*Exercise goal*. Output exactly the lines below, starting with the line that has "Rabs (f (sigma" and going on through the line that has "Definition is_interval (I", both included, and no other lines.

*Available data*.
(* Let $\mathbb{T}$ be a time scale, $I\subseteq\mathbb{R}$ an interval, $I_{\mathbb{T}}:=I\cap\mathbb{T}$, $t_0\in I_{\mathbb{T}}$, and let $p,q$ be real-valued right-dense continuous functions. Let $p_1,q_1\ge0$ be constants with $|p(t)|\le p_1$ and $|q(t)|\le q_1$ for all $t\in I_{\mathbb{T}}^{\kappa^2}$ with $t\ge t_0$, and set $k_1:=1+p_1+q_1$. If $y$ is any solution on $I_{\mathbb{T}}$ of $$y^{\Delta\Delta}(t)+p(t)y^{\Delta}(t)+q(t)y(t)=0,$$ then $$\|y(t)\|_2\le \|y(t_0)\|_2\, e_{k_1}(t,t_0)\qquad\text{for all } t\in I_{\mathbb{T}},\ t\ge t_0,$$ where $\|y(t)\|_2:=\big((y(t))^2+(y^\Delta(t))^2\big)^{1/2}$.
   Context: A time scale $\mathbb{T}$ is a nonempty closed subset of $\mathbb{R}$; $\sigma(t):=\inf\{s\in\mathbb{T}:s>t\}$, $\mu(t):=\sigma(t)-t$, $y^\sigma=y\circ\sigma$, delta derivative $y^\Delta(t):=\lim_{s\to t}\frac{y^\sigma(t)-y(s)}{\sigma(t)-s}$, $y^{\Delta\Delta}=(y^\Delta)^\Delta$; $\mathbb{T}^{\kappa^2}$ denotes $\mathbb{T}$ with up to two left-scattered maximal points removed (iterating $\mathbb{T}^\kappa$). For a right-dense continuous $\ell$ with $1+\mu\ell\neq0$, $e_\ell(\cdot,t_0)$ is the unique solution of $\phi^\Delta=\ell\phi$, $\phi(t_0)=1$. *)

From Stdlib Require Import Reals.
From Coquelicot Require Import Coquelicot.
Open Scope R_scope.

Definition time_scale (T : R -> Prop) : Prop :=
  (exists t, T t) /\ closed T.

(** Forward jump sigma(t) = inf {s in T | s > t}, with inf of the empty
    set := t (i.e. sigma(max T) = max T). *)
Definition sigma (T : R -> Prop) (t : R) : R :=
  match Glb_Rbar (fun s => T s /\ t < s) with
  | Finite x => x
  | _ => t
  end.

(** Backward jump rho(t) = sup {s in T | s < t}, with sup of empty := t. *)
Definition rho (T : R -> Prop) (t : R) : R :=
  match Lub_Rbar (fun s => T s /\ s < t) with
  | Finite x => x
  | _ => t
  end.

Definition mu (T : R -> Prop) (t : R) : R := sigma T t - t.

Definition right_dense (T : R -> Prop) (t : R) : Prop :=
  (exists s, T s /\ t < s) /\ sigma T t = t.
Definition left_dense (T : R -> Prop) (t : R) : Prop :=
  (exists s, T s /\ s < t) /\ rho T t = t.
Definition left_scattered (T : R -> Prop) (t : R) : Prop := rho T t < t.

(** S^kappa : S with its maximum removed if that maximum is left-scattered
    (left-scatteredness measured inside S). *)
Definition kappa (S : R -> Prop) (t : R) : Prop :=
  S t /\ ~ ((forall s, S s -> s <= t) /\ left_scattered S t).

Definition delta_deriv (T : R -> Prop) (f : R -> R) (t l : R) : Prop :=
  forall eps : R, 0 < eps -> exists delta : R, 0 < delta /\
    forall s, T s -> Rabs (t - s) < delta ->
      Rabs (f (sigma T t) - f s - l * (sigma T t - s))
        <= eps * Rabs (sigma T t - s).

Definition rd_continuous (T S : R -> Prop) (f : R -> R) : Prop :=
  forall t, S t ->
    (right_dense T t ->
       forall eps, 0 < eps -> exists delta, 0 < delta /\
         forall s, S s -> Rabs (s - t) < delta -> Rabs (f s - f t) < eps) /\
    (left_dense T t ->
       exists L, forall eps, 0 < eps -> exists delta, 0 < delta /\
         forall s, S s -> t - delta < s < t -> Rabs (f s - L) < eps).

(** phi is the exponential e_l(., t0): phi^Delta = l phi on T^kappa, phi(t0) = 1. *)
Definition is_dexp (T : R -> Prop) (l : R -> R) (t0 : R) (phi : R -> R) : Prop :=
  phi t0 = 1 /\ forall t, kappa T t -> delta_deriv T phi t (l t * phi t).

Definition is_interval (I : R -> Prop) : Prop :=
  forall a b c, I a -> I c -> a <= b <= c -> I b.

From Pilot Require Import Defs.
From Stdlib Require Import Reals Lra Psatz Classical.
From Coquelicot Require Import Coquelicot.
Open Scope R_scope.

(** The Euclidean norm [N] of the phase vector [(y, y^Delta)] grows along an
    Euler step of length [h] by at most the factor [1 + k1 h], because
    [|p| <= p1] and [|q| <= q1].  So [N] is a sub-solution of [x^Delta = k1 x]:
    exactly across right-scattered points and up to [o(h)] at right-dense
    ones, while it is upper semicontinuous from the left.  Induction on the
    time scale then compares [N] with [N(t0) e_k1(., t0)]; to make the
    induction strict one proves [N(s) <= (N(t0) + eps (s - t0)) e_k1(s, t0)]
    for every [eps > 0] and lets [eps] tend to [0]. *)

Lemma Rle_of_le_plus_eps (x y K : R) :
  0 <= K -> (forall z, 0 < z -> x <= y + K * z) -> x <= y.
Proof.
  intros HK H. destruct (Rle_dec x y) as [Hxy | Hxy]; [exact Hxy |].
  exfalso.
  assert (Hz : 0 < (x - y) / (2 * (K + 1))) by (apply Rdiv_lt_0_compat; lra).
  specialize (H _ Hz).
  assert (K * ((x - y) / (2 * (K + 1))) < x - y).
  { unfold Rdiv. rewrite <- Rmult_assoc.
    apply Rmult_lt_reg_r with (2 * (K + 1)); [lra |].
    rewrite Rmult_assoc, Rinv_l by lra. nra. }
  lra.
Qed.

*Task response*.
      Rabs (f (sigma T t) - f s - l * (sigma T t - s))
        <= eps * Rabs (sigma T t - s).

Definition rd_continuous (T S : R -> Prop) (f : R -> R) : Prop :=
  forall t, S t ->
    (right_dense T t ->
       forall eps, 0 < eps -> exists delta, 0 < delta /\
         forall s, S s -> Rabs (s - t) < delta -> Rabs (f s - f t) < eps) /\
    (left_dense T t ->
       exists L, forall eps, 0 < eps -> exists delta, 0 < delta /\
         forall s, S s -> t - delta < s < t -> Rabs (f s - L) < eps).

(** phi is the exponential e_l(., t0): phi^Delta = l phi on T^kappa, phi(t0) = 1. *)
Definition is_dexp (T : R -> Prop) (l : R -> R) (t0 : R) (phi : R -> R) : Prop :=
  phi t0 = 1 /\ forall t, kappa T t -> delta_deriv T phi t (l t * phi t).

Definition is_interval (I : R -> Prop) : Prop :=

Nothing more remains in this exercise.